- The Washington Times - Thursday, February 18, 2016

Sen. Bernard Sanders of Vermont is staying neutral on whether Apple is correct in refusing the FBI help to break into the iPhone of San Bernardino, California, shooter Syed Rizwan Farook.

“I am very fearful in America about Big Brother, and that means not only the federal government getting into your emails or knowing what books you’re taking out of the library, or private corporations knowing everything there is to know about you in terms of you health records, your banking records, your consumer practices. I worry about that very very much,” Mr. Sanders said during a town hall hosted by MSNBC on Thursday.

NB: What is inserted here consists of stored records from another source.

(* Let $k$ be a positive integer and $c > 0$. In any election, a committee $S$ of size $k$ is $c$-stable if and only if it is $\frac{c}{k}$-undominated.
   Context: An election consists of a finite set $V$ of $n$ voters, a finite set $C$ of candidates, and for each voter $v$ a strict linear order $\succ_v$ on $C$. A committee is a nonempty subset $S \subseteq C$. Voter $v$ strongly prefers committee $S'$ over committee $S$ (written $S' \succ_v S$) if $v$ prefers her favorite candidate in $S'$ over her favorite candidate in $S$; for a single candidate $a$, $a \succ_v S$ means $\{a\} \succ_v S$, i.e., $v$ prefers $a$ to every member of $S$. A committee $S$ of size $k$ is $c$-stable if for every committee $S'$ of size $k'$, the fraction of voters $v$ with $S' \succ_v S$ is less than $c \cdot \frac{k'}{k}$. A committee $S$ is $\alpha$-undominated if for every candidate $a \in C$, the fraction of voters $v$ with $a \succ_v S$ is less than $\alpha$. *)

From HB Require Import structures.
From mathcomp Require Import all_boot all_order all_algebra.
Set Implicit Arguments. Unset Strict Implicit. Unset Printing Implicit Defensive.
Import Order.TTheory GRing.Theory Num.Theory.
Local Open Scope ring_scope.

(* A strict linear order on C given as a boolean relation: [r a b] means a is
   strictly preferred to b. *)
Definition strict_linear_order (C : finType) (r : rel C) : Prop :=
  [/\ (forall a, ~~ r a a),
      (forall a b d, r a b -> r b d -> r a d) &
      (forall a b, a != b -> r a b || r b a)].

Section Election.
Variables (V C : finType) (pref : V -> rel C).

Definition favorite (v : V) (S : {set C}) (a : C) : bool :=
  (a \in S) && [forall b in S, (b != a) ==> pref v a b].

Definition strongly_prefers (v : V) (S' S : {set C}) : bool :=
  [exists a', exists a, [&& favorite v S' a', favorite v S a & pref v a' a]].

Definition frac_prefer (R : realFieldType) (S' S : {set C}) : R :=
  #|[set v | strongly_prefers v S' S ]|%:R / #|V|%:R.

Definition committee (S : {set C}) : Prop := S != set0.

Definition c_stable (R : realFieldType) (c : R) (S : {set C}) : Prop :=
  forall S' : {set C}, committee S' ->
    frac_prefer R S' S < c * (#|S'|%:R / #|S|%:R).

Definition undominated (R : realFieldType) (alpha : R) (S : {set C}) : Prop :=
  forall a : C, frac_prefer R [set a] S < alpha.
End Election.

From HB Require Import structures.
From mathcomp Require Import all_boot all_order all_algebra.
Import Order.TTheory GRing.Theory Num.Theory.
Local Open Scope ring_scope.

(* A voter who strongly prefers S' to S already strongly prefers her favorite
   member of S' to S, so the voters deviating to S' are covered by the voters
   deviating to the single candidates of S'. Undominatedness bounds each of
   these |S'| fractions by c/k, hence their sum by c|S'|/k; conversely
   c-stability applied to singletons is exactly (c/k)-undominatedness. *)

Lemma leq_card_bigcup {I T : finType} (A : {set I}) (F : I -> {set T}) :
  (#|\bigcup_(i in A) F i| <= \sum_(i in A) #|F i|)%N.
Proof.
elim/big_rec2: _ => [|i n U _ IH]; first by rewrite cards0.
by rewrite (leq_trans (leq_card_setU _ _)) // leq_add2l.
Qed.

Section Election.
Variables (V C : finType) (pref : V -> rel C) (R : realFieldType).

Lemma favorite_set1 (v : V) (a : C) : favorite pref v [set a] a.
Proof.
rewrite /favorite set11 /=.
by apply/forall_inP => b /set1P ->; rewrite eqxx.
Qed.

Lemma strongly_prefers_set1 (v : V) (S' S : {set C}) :
  strongly_prefers pref v S' S ->
  exists2 a, a \in S' & strongly_prefers pref v [set a] S.
Proof.
case/existsP => a' /existsP [a /and3P [/andP [a'S' _] fa pa]].
exists a' => //; apply/existsP; exists a'; apply/existsP; exists a.
by rewrite favorite_set1 fa pa.
Qed.

Lemma strongly_prefers_sub_bigcup (S' S : {set C}) :
  [set v | strongly_prefers pref v S' S] \subset
  \bigcup_(a in S') [set v | strongly_prefers pref v [set a] S].
Proof.
apply/subsetP => v; rewrite inE => /strongly_prefers_set1 [a aS' pa].
by apply/bigcupP; exists a; rewrite ?inE.
Qed.

Lemma frac_prefer_le_sum (S' S : {set C}) :
  frac_prefer pref R S' S <= \sum_(a in S') frac_prefer pref R [set a] S.
Proof.
rewrite /frac_prefer -mulr_suml ler_wpM2r ?invr_ge0 ?ler0n // -natr_sum ler_nat.
exact: leq_trans (subset_leq_card (strongly_prefers_sub_bigcup S' S))
                 (leq_card_bigcup _ _).
Qed.

Lemma c_stable_undominated (c : R) (S : {set C}) :
  c_stable pref c S -> undominated pref (c / #|S|%:R) S.
Proof.
move=> stableS a; have := stableS [set a]; rewrite cards1 mul1r; apply.
by apply/set0Pn; exists a; rewrite set11.
Qed.

Lemma undominated_c_stable (c : R) (S : {set C}) :
  undominated pref (c / #|S|%:R) S -> c_stable pref c S.
Proof.
move=> undomS S' /set0Pn [a0 a0S'].
apply: le_lt_trans (frac_prefer_le_sum S' S) _.
have -> : c * (#|S'|%:R / #|S|%:R) = \sum_(a in S') c / #|S|%:R.
  by rewrite sumr_const -[c / _ *+ _]mulr_natr mulrAC mulrA.
apply: ltr_sum => [|a _]; last exact: undomS.
by apply/hasP; exists a0; rewrite ?mem_index_enum.
Qed.

End Election.

Theorem proposition1 (R : realFieldType) (V C : finType) (pref : V -> rel C)
  (Hpref : forall v, strict_linear_order (pref v))
  (k : nat) (c : R) (S : {set C}) :
  (0 < k)%N -> 0 < c -> committee S -> #|S| = k ->
  (c_stable pref c S <-> undominated pref (c / k%:R) S).
Proof.
(* None of [0 < k], [0 < c], [committee S] and [Hpref] is needed:
   [strongly_prefers] already provides the favorites the argument uses. *)
move=> _ _ _ <-; split; [exact: c_stable_undominated | exact: undominated_c_stable].
Qed.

“I also worry about the possibility of the terrorist attack against our country, and frankly, there is a middle ground that can be reached,” Mr. Sanders said. “There has got to be a balance. But count me in as someone who is a very strong civil libertarian who believes we can fight terrorism without undermining our constitutional rights and our privacy rights.”

This week a federal judge ordered Apple to bypass security functions on the iPhone used by Farook, one of the terrorists in the December mass shootings of 14 people in California. Apple has refused to cooperate, saying the order would set a “chilling precedent.” Apple pledged to fight aggressively against government efforts to “weaken the security” of consumer technology products.

Lawmakers on both sides of the aisle have demanded that Apple cooperate with the federal government in their investigation.

In an interview with PBS yesterday, Sen. Dianne Feinstein, the vice chair of the Senate Select Committee on Intelligence and a Democrat from California, told Apple they should comply with the court order, saying the information found on the phone could prevent future acts of terrorism. Mrs. Feinstein said that if Apple didn’t comply, she and her colleagues would introduce a law to compel them to.